The answer must consist of each line below that contains the string "with".

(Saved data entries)
______________________________
Lemma cdist_ge_odd_multiple (x y : R) (Q j : Z) : (0 < Q)%Z ->
  (x - y) * (2 * IZR Q) = IZR (2 * j + 1) -> / (2 * IZR Q) <= cdist x y.
Proof.
  intros HQ Heq. unfold cdist, frac_part. set (d := x - y) in *.
  destruct (Int_part_bounds d) as [Hlo Hhi]. set (z := Int_part d) in *.
  assert (HQr : 0 < IZR Q) by (apply IZR_lt; lia).
  (* the scaled fractional part is an odd integer strictly between 0 and 2Q *)
  set (r := (2 * j + 1 - 2 * Q * z)%Z).
  assert (Hr : IZR r = (d - IZR z) * (2 * IZR Q)).
  { unfold r. rewrite minus_IZR, <- Heq, !mult_IZR. simpl (IZR 2). ring. }
  assert (Hr_lo : (0 <= r)%Z) by (apply le_IZR; rewrite Hr; nra).
  assert (Hr_hi : (r < 2 * Q)%Z) by (apply lt_IZR; rewrite Hr, mult_IZR; simpl (IZR 2); nra).
  assert (Hodd_lo : (1 <= r)%Z) by (unfold r in *; lia).
  assert (Hodd_hi : (r <= 2 * Q - 1)%Z) by (unfold r in *; lia).
  apply IZR_le in Hodd_lo. apply IZR_le in Hodd_hi.
  rewrite Hr in Hodd_lo, Hodd_hi. rewrite minus_IZR, mult_IZR in Hodd_hi.
  simpl (IZR 2) in *.
  assert (Hinv : / (2 * IZR Q) * (2 * IZR Q) = 1) by (field; lra).
  apply Rmin_glb; apply Rmult_le_reg_r with (2 * IZR Q); try lra;
    rewrite Hinv; nra.
Qed.

Lemma rational_pos_denominator (r : R) :
  is_rational r -> exists P Q : Z, (0 < Q)%Z /\ r = IZR P / IZR Q.
Proof.
  intros [p [q [Hq ->]]]. exists (p * q)%Z, (q * q)%Z. split; [nia |].
  rewrite !mult_IZR. field. apply eq_IZR_contrapositive; auto.
Qed.

Lemma coset_avoids_midpoint (x : R) (P Q k m : Z) : (0 < Q)%Z ->
  / (2 * IZR Q) <= cdist (x + IZR k * (IZR P / IZR Q) + IZR m) (x + / (2 * IZR Q)).
Proof.
  intros HQ. apply cdist_ge_odd_multiple with (j := (k * P + m * Q - 1)%Z); auto.
  assert (IZR Q <> 0) by (apply eq_IZR_contrapositive; lia).
  rewrite plus_IZR, mult_IZR, minus_IZR, plus_IZR, !mult_IZR. simpl (IZR 2).
  field. auto.
Qed.

Lemma fam_rotation (a b : R) (s : sym) (x : R) :
  fam a b s x = x + a \/ fam a b s x = x + b.
Proof. destruct s; [left | right]; reflexivity. Qed.

Lemma fam_inv_rotation (a b : R) (s : sym) (x : R) :
  fam_inv a b s x = x + - a \/ fam_inv a b s x = x + - b.
Proof. destruct s; [left | right]; reflexivity. Qed.

Lemma iter_two_rotations {X : Type} (step : X -> X) (pos : X -> R) (c d : R) :
  (forall q, pos (step q) = pos q + c \/ pos (step q) = pos q + d) ->
  forall (n : nat) (p : X),
    exists k : Z, pos (Nat.iter n step p) = pos p + INR n * c + IZR k * (d - c).
Proof.
  intros Hstep n p. induction n as [| n [k Hk]].
  - exists 0%Z. simpl. ring.
  - simpl Nat.iter. rewrite S_INR.
    destruct (Hstep (Nat.iter n step p)) as [Hc | Hd]; rewrite ?Hc, ?Hd, Hk.
    + exists k. ring.
    + exists (k + 1)%Z. rewrite plus_IZR. ring.
Qed.

Lemma hutch_iter_coset (a b : R) (S : R -> Prop) (x0 : R) (n : nat) (y : R) :
  (forall v, S v -> circ_eq v x0) ->
  Nat.iter n (hutch (fam a b)) S y ->
  exists k m : Z, y = x0 + INR n * a + IZR k * (b - a) + IZR m.
Proof.
  intros HS. revert y. induction n as [| n IHn]; intros y Hy.
  - destruct (HS y Hy) as [m Hm]. exists 0%Z, m. simpl. lra.
  - destruct Hy as [s [v [Hv [m' Hm']]]].
    destruct (IHn v Hv) as [k [m ->]]. rewrite S_INR.
    destruct (fam_rotation a b s (x0 + INR n * a + IZR k * (b - a) + IZR m))
      as [Hs | Hs]; rewrite Hs in Hm'.
    + exists k, (m + m')%Z. rewrite plus_IZR. lra.
    + exists (k + 1)%Z, (m + m')%Z. rewrite !plus_IZR. simpl (IZR 1). lra.
Qed.

(* Part (2): the Hutchinson iterates of {0} never come 1/(2Q)-close to the
   point n*alpha + 1/(2Q), so they do not converge to the whole circle. *)
Lemma not_strict_attractor (a b : R) :
  is_rational (b - a) -> ~ strict_attractor (fam a b).
Proof.
  intros Hrat Hattr. destruct (rational_pos_denominator _ Hrat) as [P [Q [HQ HPQ]]].
  assert (HQr : 0 < IZR Q) by (apply IZR_lt; lia).
  set (S := fun v => circ_eq v 0).
  assert (HS_set : circ_set S).
  { intros v k [m ->]. exists (m + k)%Z. rewrite plus_IZR. lra. }
  assert (HS_compact : circ_compact S).
  { intros u Hu. exists (fun n => n), 0. repeat split; [intros; lia | exists 0%Z; lra |].
    intros eps Heps. exists 0%nat. intros n _. destruct (Hu n) as [k Hk].
    eapply Rle_lt_trans; [apply (cdist_le_lift _ _ k) |].
    rewrite Hk. replace (0 + IZR k - 0 - IZR k) with 0 by ring. rewrite Rabs_R0. lra. }
  assert (HS_nonempty : exists x, S x) by (exists 0, 0%Z; lra).
  destruct (Hattr S HS_set HS_nonempty HS_compact (/ (2 * IZR Q))) as [N HN].
  { apply Rinv_0_lt_compat. lra. }
  destruct (HN N (le_n _)) as [_ Hcover].
  destruct (Hcover (INR N * a + / (2 * IZR Q)) I) as [v [Hv Hclose]].
  destruct (hutch_iter_coset a b S 0 N v (fun v h => h) Hv) as [k [m ->]].
  pose proof (coset_avoids_midpoint (INR N * a) P Q k m HQ) as Hfar.
  rewrite HPQ, Rplus_0_l in Hclose. lra.
Qed.

(* Part (3): every point of the leaf through (w,0) has circle coordinate
   k*(beta - alpha), which stays 1/(2Q)-far from 1/(2Q). *)
Lemma not_uu_minimal (a b : R) :
  is_rational (b - a) -> forall nu : R, 0 < nu < 1 -> ~ uu_minimal nu a b.
Proof.
  intros Hrat nu _ Hmin. destruct (rational_pos_denominator _ Hrat) as [P [Q [HQ HPQ]]].
  assert (HQr : 0 < IZR Q) by (apply IZR_lt; lia).
  set (w0 := fun _ : Z => one).
  destruct (Hmin (w0, 0) w0 (0 + / (2 * IZR Q)) (/ (2 * IZR Q)))
    as [q [[n [w' [_ ->]]] [_ Hclose]]].
  { apply Rinv_0_lt_compat. lra. }
  destruct (iter_two_rotations (Phi_inv a b) snd (- a) (- b)
              (fun q => fam_inv_rotation a b _ _) n (w0, 0)) as [k1 Hk1].
  destruct (iter_two_rotations (Phi a b) snd a b (fun q => fam_rotation a b _ _) n
              (w', snd (Nat.iter n (Phi_inv a b) (w0, 0)))) as [k2 Hk2].
  rewrite Hk2 in Hclose. simpl snd in Hclose. rewrite Hk1 in Hclose. simpl snd in Hclose.
  pose proof (coset_avoids_midpoint 0 P Q (k2 - k1) 0 HQ) as Hfar.
  rewrite minus_IZR, <- HPQ in Hfar.
  replace (0 + INR n * - a + IZR k1 * (- b - - a) + INR n * a + IZR k2 * (b - a))
    with (0 + (IZR k2 - IZR k1) * (b - a) + IZR 0) in Hclose by (simpl; ring).
  lra.
Qed.

Lemma pigeonhole_unit_interval (t : nat -> R) (K : nat) : (0 < K)%nat ->
  (forall i, 0 <= t i < 1) ->
  exists i j, (i < j <= K)%nat /\ Rabs (t j - t i) < / INR K.
Proof.
  intros HK Ht. assert (HKr : 0 < INR K) by (apply lt_0_INR; lia).
  (* the box of width 1/K containing t i *)
  set (box := fun i => Int_part (INR K * t i)).
  assert (Hbox : forall i, (0 <= box i < Z.of_nat K)%Z).
  { intro i. destruct (Int_part_bounds (INR K * t i)) as [Hlo Hhi].
    specialize (Ht i). split.
    - assert (-1 < box i)%Z by (apply lt_IZR; unfold box; simpl (IZR (-1)); nra). lia.
    - apply lt_IZR. rewrite <- INR_IZR_INZ. unfold box. nra. }
  assert (Hshare : exists i j, (i < j <= K)%nat /\ box i = box j).
  { apply NNPP. intro Hno.
    set (b := fun i => Z.to_nat (box i)).
    assert (Hinj : NoDup (map b (seq 0 (S K)))).
    { apply NoDup_map_NoDup_ForallPairs; [| apply seq_NoDup].
      intros i j Hi Hj Hb. apply in_seq in Hi. apply in_seq in Hj.
      assert (box i = box j) by (unfold b in Hb; pose proof (Hbox i); pose proof (Hbox j); lia).
      destruct (Nat.lt_trichotomy i j) as [Hl | [Hl | Hl]]; auto; exfalso; apply Hno.
      - exists i, j. split; [lia | auto].
      - exists j, i. split; [lia | auto]. }
    assert (Hincl : incl (map b (seq 0 (S K))) (seq 0 K)).
    { intros c Hc. apply in_map_iff in Hc. destruct Hc as [i [<- _]].
      apply in_seq. specialize (Hbox i). unfold b. lia. }
    pose proof (NoDup_incl_length Hinj Hincl) as Hlen.
    rewrite length_map, !length_seq in Hlen. lia. }
  destruct Hshare as [i [j [Hij Hsame]]]. exists i, j. split; [exact Hij |].
  destruct (Int_part_bounds (INR K * t i)). destruct (Int_part_bounds (INR K * t j)).
  fold (box i) (box j) in *. rewrite Hsame in *.
  apply Rmult_lt_reg_l with (INR K); auto. rewrite Rinv_r by lra.
  rewrite <- (Rabs_right (INR K)) at 1 by lra. rewrite <- Rabs_mult.
  apply Rabs_def1; nra.
Qed.

Lemma dirichlet_approx (a : R) (K : nat) : ~ is_rational a -> (0 < K)%nat ->
  exists (n : nat) (M : Z), (1 <= n)%nat /\ 0 < Rabs (INR n * a - IZR M) < / INR K.
Proof.
  intros Hirr HK.
  destruct (pigeonhole_unit_interval (fun i => frac_part (INR i * a)) K HK)
    as [i [j [Hij Hclose]]].
  { intro i. unfold frac_part. destruct (Int_part_bounds (INR i * a)). lra. }
  set (M := (Int_part (INR j * a) - Int_part (INR i * a))%Z).
  assert (Hdiff : INR (j - i) * a - IZR M
                  = frac_part (INR j * a) - frac_part (INR i * a)).
  { unfold M, frac_part. rewrite minus_INR by lia. rewrite minus_IZR. ring. }
  exists (j - i)%nat, M. rewrite Hdiff. repeat split; [lia | | exact Hclose].
  apply Rabs_pos_lt. intro Hzero. apply Hirr.
  exists M, (Z.of_nat (j - i)). split; [lia |].
  rewrite <- INR_IZR_INZ.
  assert (Hnz : INR (j - i) <> 0) by (apply not_0_INR; lia).
  field_simplify_eq; [| exact Hnz]. lra.
Qed.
______________________________
- [Written reply]:
  apply Rmin_glb; apply Rmult_le_reg_r with (2 * IZR Q); try lra;
  intros HQ. apply cdist_ge_odd_multiple with (j := (k * P + m * Q - 1)%Z); auto.
    rewrite Hk. replace (0 + IZR k - 0 - IZR k) with 0 by ring. rewrite Rabs_R0. lra. }
    with (0 + (IZR k2 - IZR k1) * (b - a) + IZR 0) in Hclose by (simpl; ring).
  apply Rmult_lt_reg_l with (INR K); auto. rewrite Rinv_r by lra.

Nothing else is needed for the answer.